The president’s recent executive order directs new Pentagon contracts to ban suppliers from issuing buybacks or corporate distributions during any “period of underperformance [or] non-compliance” within the terms of a deal.

The secretary of war is empowered to enforce a ban in cases of “insufficient prioritisation of the contract, insufficient investment or insufficient production speed”, the order says.

For vendors found in non-compliance, Trump threatens to wield broad powers granted under the 1950 Defense Production Act, which empowers presidents to intervene in certain matters of private business concerning national defence.

President Trump

Source: White House

President Trump and Pentagon chief Pete Hegseth, centre right, have taken a more-combative approach in dealing with US defence manufacturers, while supporting robust military spending

The executive action’s likelihood of encouraging firms to boost defence production remains unclear.

“There’s only so much you can do with your capital,” says Tony Bancroft, aerospace and defence portfolio manager at Gabelli Funds.

Bancroft, a former Boeing F/A-18 pilot who now oversees the defence-focused GCAD exchange traded fund, says the defence industry’s unique market structure can make it difficult or even financially unwise for manufacturers to invest excess capital in expanded production.

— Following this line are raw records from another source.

(* Additivity of the Frobenius map, q being a power of the characteristic. *)
Lemma hasse_series_Lam : hasse_series Lam = Lam%:P + Lam^:P.
Proof.
rewrite hasse_seriesE /Lam !rmorphB /= !map_polyXn !map_polyX !hornerE.
have pnat_q : [pchar {poly {poly F}}].-nat q.
  by rewrite !(eq_pnat _ (@pchar_poly _)) pnat_pchar_card.
rewrite exprDn_pchar // rmorphXn /=; set X := ('X : {poly F})%:P; ring.
Qed.

Lemma size_pseudoderiv_LamX j e l :
  (size (pseudoderiv l (Lam ^+ j * 'X^e)) <= e.+1)%N.
Proof.
rewrite /pseudoderiv /hasse -coef_hasse_series hasse_seriesM hasse_seriesX.
rewrite hasse_series_Lam hasse_seriesXn.
set Y := Lam^:P; set S := \sum_(i < j) (Lam%:P + Y) ^+ (j.-1 - i) * Y ^+ i.
have -> : (Lam%:P + Y) ^+ j = Y ^+ j + Lam%:P * S.
  have := subrXX (Lam%:P + Y) Y j; rewrite addrK -/S => /(canRL (subrK _)) ->.
  by rewrite addrC.
rewrite mulrDl -mulrA coefD coefCM modpD [Lam * _]mulrC modp_mull addr0.
apply: leq_trans (leq_modp _ _) _; rewrite coefM; apply: size_sum_leq => a _.
rewrite -rmorphXn coef_map /= -hasse_seriesXn coef_hasse_series nderivnXn.
rewrite mul_polyC -scaler_nat !(leq_trans (size_scale_leq _ _)) //.
by rewrite size_polyXn ltnS leq_subr.
Qed.

Lemma Lam_exp_dvdp G M :
  (forall l, (l < M)%N -> forall a, (hasse l G).[a] = 0) -> Lam ^+ M %| G.
Proof.
move=> vanish; rewrite /Lam finField_genPoly -prodrXl.
apply: prod_XsubC_exp_dvdp; first exact: index_enum_uniq.
by move=> a _; apply: XsubC_exp_dvdp => l lt_lM; apply: vanish.
Qed.

Lemma Lam_exp_dvdp_eq0 G M : (size G <= M * q)%N -> Lam ^+ M %| G -> G = 0.
Proof.
move=> sizeG; apply: contraTeq => nzG; apply/negP => /(dvdp_leq nzG).
have : (0 < size (Lam ^+ M))%N by rewrite size_poly_gt0 expf_neq0 ?Lam_neq0.
move=> /prednK <-; rewrite size_exp size_Lam /=.
by rewrite mulnC ltnNge sizeG.
Qed.

End Lam.

Section Pseudopolynomials.
Variables (F : finFieldType) (k : nat).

“You’re not going to build two lines for some of these capital-intensive, very technical things,” Bancroft notes.

“Sometimes buying your own stock is probably the most-effective thing you do your cash flow,” he adds. “It’s hard to find where to put new capital on your own… We’re not making chocolate bars here.”

Other investment options include acquiring promising start-ups or struggling suppliers, which defence companies have done in recent years, such as L3Harris’ purchase of rocket motor producer Aerojet Rocketdyne.

However, antitrust actions under prior President Joe Biden may make some players wary of that strategy. Regulators blocked a bid from Lockheed to acquire Aerojet Rocketdyne in 2022.

Bancroft says defence companies’ executive compensation and corporate financial practices largely align with those of other industrial sectors.

Trump’s executive order quickly sent major US defence stocks tumbling. Those losses were largely erased when Trump in quick succession declared he will seek $500 billion in additional defence spending in fiscal year 2027. The plan would bring total spending to $1.5 trillion, up from $1 trillion in FY2026.

Mixed messaging aside, financial analysts predict strong performance from the US defence sector in the year ahead.

Morningstar views US defence contractors as “mostly fairly valued” after the 7 January selloff. Equity analyst Nicolas Owens says the threat of restrictions on stock buybacks does not represent a significant headwind.

“While share repurchases inform our evaluation of companies’ capital allocation policies, they do not impact our fair-value estimates, which reflect the present value of our forecast free cash flow for the firm,” he says.

Bancroft concurs, arguing global demand for defence products will offset downward pressure stemming from limits on dividends or stock buybacks.

“There’s a secular demand,” he says. “It’s just not going to change. I think the world is not getting any safer.”